WHAT IS BEING ASKED |
The records below need copying. Match each line exactly.

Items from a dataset
▼

(* Let $g\in V$ be represented by a pair of finite rooted binary trees $(T_-,T_+)$, each with $n\ge 1$ leaves, together with a bijection $\sigma$ of $\{1,\dots,n\}$. Form the closed labelled strand diagram $D_0(g)$ of $g$ as described in the context, and apply labelled Rule I repeatedly, in any order, until no edge goes from a merge vertex to a split vertex. Then the final labelled diagram has at most $n$ connected components, and the sum of all its edge labels is at most $2^{n-1}$.
   Context: The Cantor set $\mathfrak C=\{0,1\}^{\mathbb N}$. A finite rooted binary tree with $n$ leaves, ordered left to right, determines a partition of $\mathfrak C$ into $n$ cones $u_1\mathfrak C,\dots,u_n\mathfrak C$, where $u_i$ is the finite binary address of the $i$-th leaf (left child appends $0$, right child appends $1$). A triple $(T_-,T_+,\sigma)$ represents the element $g$ of Thompson's group $V$ given by $g(u_i w)=v_{\sigma(i)}w$, where $u_i$ (resp. $v_j$) are the leaf addresses of $T_-$ (resp. $T_+$). Closed labelled strand diagram $D_0(g)$: a finite directed graph with $2n-2$ trivalent vertices. The $n-1$ internal nodes of $T_-$ become split vertices (one incoming edge, two outgoing edges ordered left/right), with edges directed from the root toward the leaves; the $n-1$ internal nodes of $T_+$ become merge vertices (two incoming edges ordered left/right, one outgoing edge), with edges directed from the leaves toward the root. The $i$-th leaf of $T_-$ is joined to the $\sigma(i)$-th leaf of $T_+$ (the resulting bivalent points are erased, so each such path becomes a single edge), and finally the root of $T_+$ is joined by an edge to the root of $T_-$ (again erasing bivalent points). If $n=1$ the diagram is a single closed loop with no vertices. Every edge carries a nonnegative integer label: the edge (or loop) passing through the glued roots has label $1$, all other edges have label $0$. Labelled Rule I: suppose an edge $e$ with label $y$ goes from a merge vertex $m$ to a split vertex $s$, where $m$ has incoming edges $x_1$ (left) and $x_2$ (right) and $s$ has outgoing edges $z_1$ (left) and $z_2$ (right). Delete $m$, $s$ and $e$, and for $i=1,2$ join the strand $x_i$ directly to the strand $z_i$ (concatenating $x_i$, $e$, $z_i$). The label of each resulting edge is the sum of the labels of all old edge-pieces it is composed of, counted with multiplicity (e.g. if $x_1,x_2,z_1,z_2$ are distinct, the new edges have labels $x_1+y+z_1$ and $x_2+y+z_2$; if $x_2=z_1$, the result is a single edge with label $x_1+x_2+2y+z_2$). Strands that close up on themselves become closed loops (circle components without vertices), whose label is the sum of the labels along them. *)

From mathcomp Require Import all_boot.
From mathcomp Require Import fingroup perm.
Set Implicit Arguments. Unset Strict Implicit. Unset Printing Implicit Defensive.
Theorem mainTheorem6 (n : nat) (c : rat) : (1 <= n)%N ->
  (forall (w : ncpoly) (u : bool),
     nceq (dn c n (Rw [:: u] w))
          (ncadd (Rw [:: u] (dn c n w))
                 (ncscale (sgn u) (Rw [:: false] (phi c n.-1 (Rw [:: true] w)))))) /\
  (forall w : ncpoly, nceq (dn c n (Rz w)) (Rz (dn c n w))).
Proof.
case: n => // n _; have [rule _] := main_induction c n.
by split=> [w u | w]; [apply: rule | apply: comm_Rz_of_rule].
Qed.
(* Let $\Pi$ be a finite set of proposition symbols, $I=[a]$ with $a$ a positive integer, and $n\in\mathbb N$. Two finite pointed $(\Pi,I)$-models $(M,w)$ and $(N,v)$ satisfy exactly the same full graded multimodal $(\Pi,I)$-type of modal depth $n$ if and only if, for every counting multichannel message passing automaton $A$ for $(\Pi,I)$ and every round $t\le n$, the state of $A$ at $w$ in $M$ in round $t$ equals the state of $A$ at $v$ in $N$ in round $t$.
   Context: $(\Pi,I)$-formulae of graded multimodal logic are generated by $\varphi ::= \top \mid p \mid \neg\varphi \mid (\varphi\land\varphi) \mid \langle\alpha\rangle_{\geq k}\varphi$ ($p\in\Pi$, $\alpha\in I$, $k\in\mathbb N$); $\langle\alpha\rangle_{=k}\varphi$ abbreviates $\langle\alpha\rangle_{\geq k}\varphi\land\neg\langle\alpha\rangle_{\geq k+1}\varphi$. A $(\Pi,I)$-model is $M=(W,(R_\alpha)_{\alpha\in I},V)$ with $W$ nonempty finite, $R_\alpha\subseteq W\times W$, $V\colon\Pi\to\wp(W)$; pointed model $(M,w)$; $\mathcal N^\alpha(w)=\{u:(w,u)\in R_\alpha\}$. Semantics standard, $(M,w)\models\langle\alpha\rangle_{\geq k}\psi$ iff $|\{u\in\mathcal N^\alpha(w):(M,u)\models\psi\}|\geq k$. Full graded multimodal types: $\tau^{(M,w)}_\varepsilon$ is the canonically ordered conjunction of $p$ ($p\in\Pi$, $w\in V(p)$) and $\neg p$ ($p\in\Pi$, $w\notin V(p)$), $\top$ if $\Pi=\emptyset$. For widths $\mathbf k=(\mathbf k_1,\dots,\mathbf k_n)$, $\mathbf k_i\in\mathbb N^{|I|}$, $T_{\mathbf k}$ is the set of all types of width $\mathbf k$ of finite pointed models, and for $\mathbf k_0=(k_1,\dots,k_{|I|})$, $\tau^{(M,w)}_{(\mathbf k_0,\mathbf k)}$ is the canonical conjunction of $\tau^{(M,w)}_\varepsilon$, all $\langle\alpha\rangle_{=\ell}\tau$ ($1\le\ell\le k_\alpha-1$, $\tau\in T_{\mathbf k}$) true at $(M,w)$, all $\langle\alpha\rangle_{\geq k_\alpha}\tau$ ($\tau\in T_{\mathbf k}$) true at $(M,w)$, and all $\langle\alpha\rangle_{=|\mathcal N^\alpha(w)|}\top$ with $k_\alpha>|\mathcal N^\alpha(w)|$. The full type of depth $0$ is $\tau^{(M,w)}_0=\tau^{(M,w)}_\varepsilon$; the full type of depth $n+1$ is $\tau^{(M,w)}_{n+1}=\tau^{(M,w)}_{(\mathbf k_1,\dots,\mathbf k_{n+1})}$ for any widths with $k_{i,\alpha}>\max\{|\mathcal N^\alpha(u)|:(w,u)\in(\bigcup_\beta R_\beta)^{i-1}\}$ for all $i\in[n+1]$, $\alpha\in I$. A multiset over $X$ is a function $X\to\mathbb N$; $\mathfrak m(X)$ is the set of multisets over $X$. A counting multichannel message passing automaton for $(\Pi,I)$ is $A=(Q,\pi,\delta,F)$ with $Q$ a nonempty countable set, $\pi\colon\wp(\Pi)\to Q$, $\delta\colon\mathfrak m(Q)^{|I|}\times Q\to Q$, $F\subseteq Q$. Its states on a finite model $M$ are given by $f_0(w)=\pi(\{p\in\Pi:w\in V(p)\})$ and $f_{t+1}(w)=\delta(N_1,\dots,N_{|I|},f_t(w))$, where $N_\alpha$ is the multiset of values $f_t(u)$ for $u\in\mathcal N^\alpha(w)$; $f_t(w)$ is the state at $w$ in round $t$. *)

From HB Require Import structures.
From mathcomp Require Import all_boot.
From Stdlib Require Import ClassicalEpsilon.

▲

SOLUTION |
(* Let $g\in V$ be represented by a pair of finite rooted binary trees $(T_-,T_+)$, each with $n\ge 1$ leaves, together with a bijection $\sigma$ of $\{1,\dots,n\}$. Form the closed labelled strand diagram $D_0(g)$ of $g$ as described in the context, and apply labelled Rule I repeatedly, in any order, until no edge goes from a merge vertex to a split vertex. Then the final labelled diagram has at most $n$ connected components, and the sum of all its edge labels is at most $2^{n-1}$.
   Context: The Cantor set $\mathfrak C=\{0,1\}^{\mathbb N}$. A finite rooted binary tree with $n$ leaves, ordered left to right, determines a partition of $\mathfrak C$ into $n$ cones $u_1\mathfrak C,\dots,u_n\mathfrak C$, where $u_i$ is the finite binary address of the $i$-th leaf (left child appends $0$, right child appends $1$). A triple $(T_-,T_+,\sigma)$ represents the element $g$ of Thompson's group $V$ given by $g(u_i w)=v_{\sigma(i)}w$, where $u_i$ (resp. $v_j$) are the leaf addresses of $T_-$ (resp. $T_+$). Closed labelled strand diagram $D_0(g)$: a finite directed graph with $2n-2$ trivalent vertices. The $n-1$ internal nodes of $T_-$ become split vertices (one incoming edge, two outgoing edges ordered left/right), with edges directed from the root toward the leaves; the $n-1$ internal nodes of $T_+$ become merge vertices (two incoming edges ordered left/right, one outgoing edge), with edges directed from the leaves toward the root. The $i$-th leaf of $T_-$ is joined to the $\sigma(i)$-th leaf of $T_+$ (the resulting bivalent points are erased, so each such path becomes a single edge), and finally the root of $T_+$ is joined by an edge to the root of $T_-$ (again erasing bivalent points). If $n=1$ the diagram is a single closed loop with no vertices. Every edge carries a nonnegative integer label: the edge (or loop) passing through the glued roots has label $1$, all other edges have label $0$. Labelled Rule I: suppose an edge $e$ with label $y$ goes from a merge vertex $m$ to a split vertex $s$, where $m$ has incoming edges $x_1$ (left) and $x_2$ (right) and $s$ has outgoing edges $z_1$ (left) and $z_2$ (right). Delete $m$, $s$ and $e$, and for $i=1,2$ join the strand $x_i$ directly to the strand $z_i$ (concatenating $x_i$, $e$, $z_i$). The label of each resulting edge is the sum of the labels of all old edge-pieces it is composed of, counted with multiplicity (e.g. if $x_1,x_2,z_1,z_2$ are distinct, the new edges have labels $x_1+y+z_1$ and $x_2+y+z_2$; if $x_2=z_1$, the result is a single edge with label $x_1+x_2+2y+z_2$). Strands that close up on themselves become closed loops (circle components without vertices), whose label is the sum of the labels along them. *)

From mathcomp Require Import all_boot.
From mathcomp Require Import fingroup perm.
Set Implicit Arguments. Unset Strict Implicit. Unset Printing Implicit Defensive.
Theorem mainTheorem6 (n : nat) (c : rat) : (1 <= n)%N ->
  (forall (w : ncpoly) (u : bool),
     nceq (dn c n (Rw [:: u] w))
          (ncadd (Rw [:: u] (dn c n w))
                 (ncscale (sgn u) (Rw [:: false] (phi c n.-1 (Rw [:: true] w)))))) /\
  (forall w : ncpoly, nceq (dn c n (Rz w)) (Rz (dn c n w))).
Proof.
case: n => // n _; have [rule _] := main_induction c n.
by split=> [w u | w]; [apply: rule | apply: comm_Rz_of_rule].
Qed.
(* Let $\Pi$ be a finite set of proposition symbols, $I=[a]$ with $a$ a positive integer, and $n\in\mathbb N$. Two finite pointed $(\Pi,I)$-models $(M,w)$ and $(N,v)$ satisfy exactly the same full graded multimodal $(\Pi,I)$-type of modal depth $n$ if and only if, for every counting multichannel message passing automaton $A$ for $(\Pi,I)$ and every round $t\le n$, the state of $A$ at $w$ in $M$ in round $t$ equals the state of $A$ at $v$ in $N$ in round $t$.
   Context: $(\Pi,I)$-formulae of graded multimodal logic are generated by $\varphi ::= \top \mid p \mid \neg\varphi \mid (\varphi\land\varphi) \mid \langle\alpha\rangle_{\geq k}\varphi$ ($p\in\Pi$, $\alpha\in I$, $k\in\mathbb N$); $\langle\alpha\rangle_{=k}\varphi$ abbreviates $\langle\alpha\rangle_{\geq k}\varphi\land\neg\langle\alpha\rangle_{\geq k+1}\varphi$. A $(\Pi,I)$-model is $M=(W,(R_\alpha)_{\alpha\in I},V)$ with $W$ nonempty finite, $R_\alpha\subseteq W\times W$, $V\colon\Pi\to\wp(W)$; pointed model $(M,w)$; $\mathcal N^\alpha(w)=\{u:(w,u)\in R_\alpha\}$. Semantics standard, $(M,w)\models\langle\alpha\rangle_{\geq k}\psi$ iff $|\{u\in\mathcal N^\alpha(w):(M,u)\models\psi\}|\geq k$. Full graded multimodal types: $\tau^{(M,w)}_\varepsilon$ is the canonically ordered conjunction of $p$ ($p\in\Pi$, $w\in V(p)$) and $\neg p$ ($p\in\Pi$, $w\notin V(p)$), $\top$ if $\Pi=\emptyset$. For widths $\mathbf k=(\mathbf k_1,\dots,\mathbf k_n)$, $\mathbf k_i\in\mathbb N^{|I|}$, $T_{\mathbf k}$ is the set of all types of width $\mathbf k$ of finite pointed models, and for $\mathbf k_0=(k_1,\dots,k_{|I|})$, $\tau^{(M,w)}_{(\mathbf k_0,\mathbf k)}$ is the canonical conjunction of $\tau^{(M,w)}_\varepsilon$, all $\langle\alpha\rangle_{=\ell}\tau$ ($1\le\ell\le k_\alpha-1$, $\tau\in T_{\mathbf k}$) true at $(M,w)$, all $\langle\alpha\rangle_{\geq k_\alpha}\tau$ ($\tau\in T_{\mathbf k}$) true at $(M,w)$, and all $\langle\alpha\rangle_{=|\mathcal N^\alpha(w)|}\top$ with $k_\alpha>|\mathcal N^\alpha(w)|$. The full type of depth $0$ is $\tau^{(M,w)}_0=\tau^{(M,w)}_\varepsilon$; the full type of depth $n+1$ is $\tau^{(M,w)}_{n+1}=\tau^{(M,w)}_{(\mathbf k_1,\dots,\mathbf k_{n+1})}$ for any widths with $k_{i,\alpha}>\max\{|\mathcal N^\alpha(u)|:(w,u)\in(\bigcup_\beta R_\beta)^{i-1}\}$ for all $i\in[n+1]$, $\alpha\in I$. A multiset over $X$ is a function $X\to\mathbb N$; $\mathfrak m(X)$ is the set of multisets over $X$. A counting multichannel message passing automaton for $(\Pi,I)$ is $A=(Q,\pi,\delta,F)$ with $Q$ a nonempty countable set, $\pi\colon\wp(\Pi)\to Q$, $\delta\colon\mathfrak m(Q)^{|I|}\times Q\to Q$, $F\subseteq Q$. Its states on a finite model $M$ are given by $f_0(w)=\pi(\{p\in\Pi:w\in V(p)\})$ and $f_{t+1}(w)=\delta(N_1,\dots,N_{|I|},f_t(w))$, where $N_\alpha$ is the multiset of values $f_t(u)$ for $u\in\mathcal N^\alpha(w)$; $f_t(w)$ is the state at $w$ in round $t$. *)

From HB Require Import structures.
From mathcomp Require Import all_boot.
From Stdlib Require Import ClassicalEpsilon.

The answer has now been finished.